Скворцов открыл глаза. Оказалось, он задремал. Мужиков уже не было рядом… впрочем, лишь двух; третий, крайний, оставался сидеть. Он был рыж, небрит, на коленях держал кепочку, но у сапог лежал не мешок, а тугой магазинный рюкзак, и вместо пиджака была туристская штормовка – по виду вроде бы рыбак, из тех, что с вечера разъезжаются по московским водохранилищам; только и удочек при нем было не видать. Между Глебом и рыжим сидели теперь две женщины, поэтому Скворцов решил повременить с разговором – в нем возобновилась надежда, такая же вздорная, как и раньше. Рыжий вышел на Комсомольской, уверенно направился к Ярославскому вокзалу, миновал платформы пригородных электричек и прошел к стоявшему на первом пути поезду Москва – Соликамск. На этом именно поезде без малого двадцать пять лет назад ехал Глеб Скворцов из своего Сареева в Москву. Без малого четверть века. И с тех пор, объездив полстраны, в родных местах ни разу не побывал. Мудрено ли и голос природный забыть? Мысль была так очевидна, что Скворцову казалось: именно она и пробивалась вчера, когда он вышагивал по одуревшим от жары улицам и потом вспоминал с Ниной небо в ночном и глинистый хлеб, на капустных листьях печенный. Мало-мальски близких родственников в Сарееве у него небось и не осталось, но дальние хоть найдутся, там все – его родня, там рядом – истоки, так он вспомнит себя хотя бы отраженно. Скворцов оставил рыжего у тринадцатого вагона и кинулся в вокзал, мимо желтых эмпээсовских скамеек, уже не прежних, египетски-тяжелых, а легких, гнутой фанеры, мимо узлов, чемоданов и авосек с бесценными московскими булками; вечный вокзальный запах ощутим был слабее, чем прежде, но по составу все тот же; запах немытых с дороги тел, приезжих мужиков, запах туалета и – непонятно откуда – угольной гари. Ах, Антонина Михайловна, Антонина Михайловна, усмехнулся воспоминанию Скворцов. Вдохновение вновь вернулось к нему, он протиснулся мимо очереди к кассе («На отходящий, граждане, на соликамский, ей-богу») – да, да, прямо вот так, в белой рубашке, без пиджака и налегке, благо в кармане был нерастраченный гонорар. Билеты оставались только в купейный вагон – хрен с ним, в купейный так в купейный. Как хорошо стало от легкости, от ощущения авантюры, свободы, надежды! Поезд уже начал разгон, когда Глеб Скворцов вбежал на перрон – навстречу носильщикам с пустыми тележками: «Такса за одно место 30 копеек», мимо помахивающих платочками женщин, мимо молоденькой проводницы – в вагонную дверь – вперед, на поиски себя самого!

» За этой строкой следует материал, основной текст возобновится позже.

(* Let $r,s\ge 1$ and let $A=(A_{ij})_{i,j=1}^r$ be an $rs\times rs$ matrix with non-negative entries, written in $s\times s$ blocks $A_{ij}$, which is a disoriented $(r,s)$-block circulant matrix. Suppose that \[ \left( \sum_{j=1}^r A_{1j} \right) \mathbf{J}_s = \mathbf{J}_s \left( \sum_{j=1}^r A_{1j} \right). \] Then $\rho(A) = \rho\left(\sum_{j=1}^r A_{1j} \right)$.
   Context: $\rho(M)$ denotes the spectral radius of a square matrix $M$. $\mathbf{J}_s$ denotes the $s\times s$ $(0,1)$-matrix with ones exactly on the anti-diagonal. An $(r,s)$-block circulant matrix is an $rs\times rs$ matrix in $s\times s$ blocks of the form whose first block row is $(B_1\ B_2\ \dots\ B_r)$ and whose $i$-th block row is the first block row cyclically shifted $i-1$ places to the right (so block $(i,j)$ is $B_{[j-i+1]_r}$, indices mod $r$ in $\{1,\dots,r\}$). An $(r,s)$-disoriented block circulant matrix is a block matrix $A=(A_{ij})_{i,j=1}^r$ with $s\times s$ blocks for which there is an $(r,s)$-block circulant matrix $\widetilde A=(\widetilde A_{ij})$ with the same first block row ($\widetilde A_{1j}=A_{1j}$ for all $j$) such that for each $i\in\{2,\dots,r\}$ either $A_{ij}=\widetilde A_{ij}$ for all $j=1,\dots,r$, or $A_{ij}=\mathbf{J}_s\widetilde A_{ij}$ for all $j=1,\dots,r$. *)

From HB Require Import structures.
From mathcomp Require Import all_boot all_order all_algebra.
From mathcomp Require Import complex.
Set Implicit Arguments. Unset Strict Implicit. Unset Printing Implicit Defensive.
Import Order.TTheory GRing.Theory Num.Theory.
Local Open Scope ring_scope.

Definition Jmat (R : pzRingType) (s : nat) : 'M[R]_s :=
  \matrix_(i < s, j < s) ((i + j == s.-1)%N)%:R.

(* The (i,j) s x s block of an rs x rs matrix (0-based block indices);
   entry (k,l) of block (i,j) is A (i*s+k) (j*s+l). *)
Lemma blk_idx_lt (r s : nat) (i : 'I_r) (k : 'I_s) : (i * s + k < r * s)%N.
Proof.
have Hk := ltn_ord k; have Hi := ltn_ord i.
apply: (@leq_trans (i * s + s)); first by rewrite ltn_add2l.
by rewrite -[X in (_ + X)%N]mul1n -mulnDl addn1 leq_mul2r Hi orbT.
Qed.

Definition blk_idx (r s : nat) (i : 'I_r) (k : 'I_s) : 'I_(r * s) :=
  Ordinal (blk_idx_lt i k).

Definition blk (R : Type) (r s : nat) (A : 'M[R]_(r * s)) (i j : 'I_r) : 'M[R]_s :=
  \matrix_(k < s, l < s) A (blk_idx i k) (blk_idx j l).

Lemma ord_pos (r : nat) (i : 'I_r) : (0 < r)%N.
Proof. exact: leq_ltn_trans (leq0n i) (ltn_ord i). Qed.

Definition row0 (r : nat) (i : 'I_r) : 'I_r := Ordinal (ord_pos i).

(* In a block circulant matrix, block (i,j) (0-based) is the first-row block
   with 0-based index (j - i) mod r. *)
Definition circ_idx (r : nat) (i j : 'I_r) : 'I_r :=
  Ordinal (ltn_pmod (j + r - i) (ord_pos i)).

– Очень приятно, – компанейски подвинулся рыжий, – голос у него был мягкий, выговор слегка грассирующий, но Глеб Скворцов даже не огорчился обманутому ожиданию – теперь это было уже не так важно, хотя ради этого рыжего он сразу поспешил в тринадцатый вагон, не заботясь о своем купе.

Общий вагон с его оживленным шумом и запахом постельного белья был ему сейчас куда более мил. Слышалась гитара и вразнобой поющие голоса; крайнее отделение было завешено простыней: за ней женщина кормила грудью.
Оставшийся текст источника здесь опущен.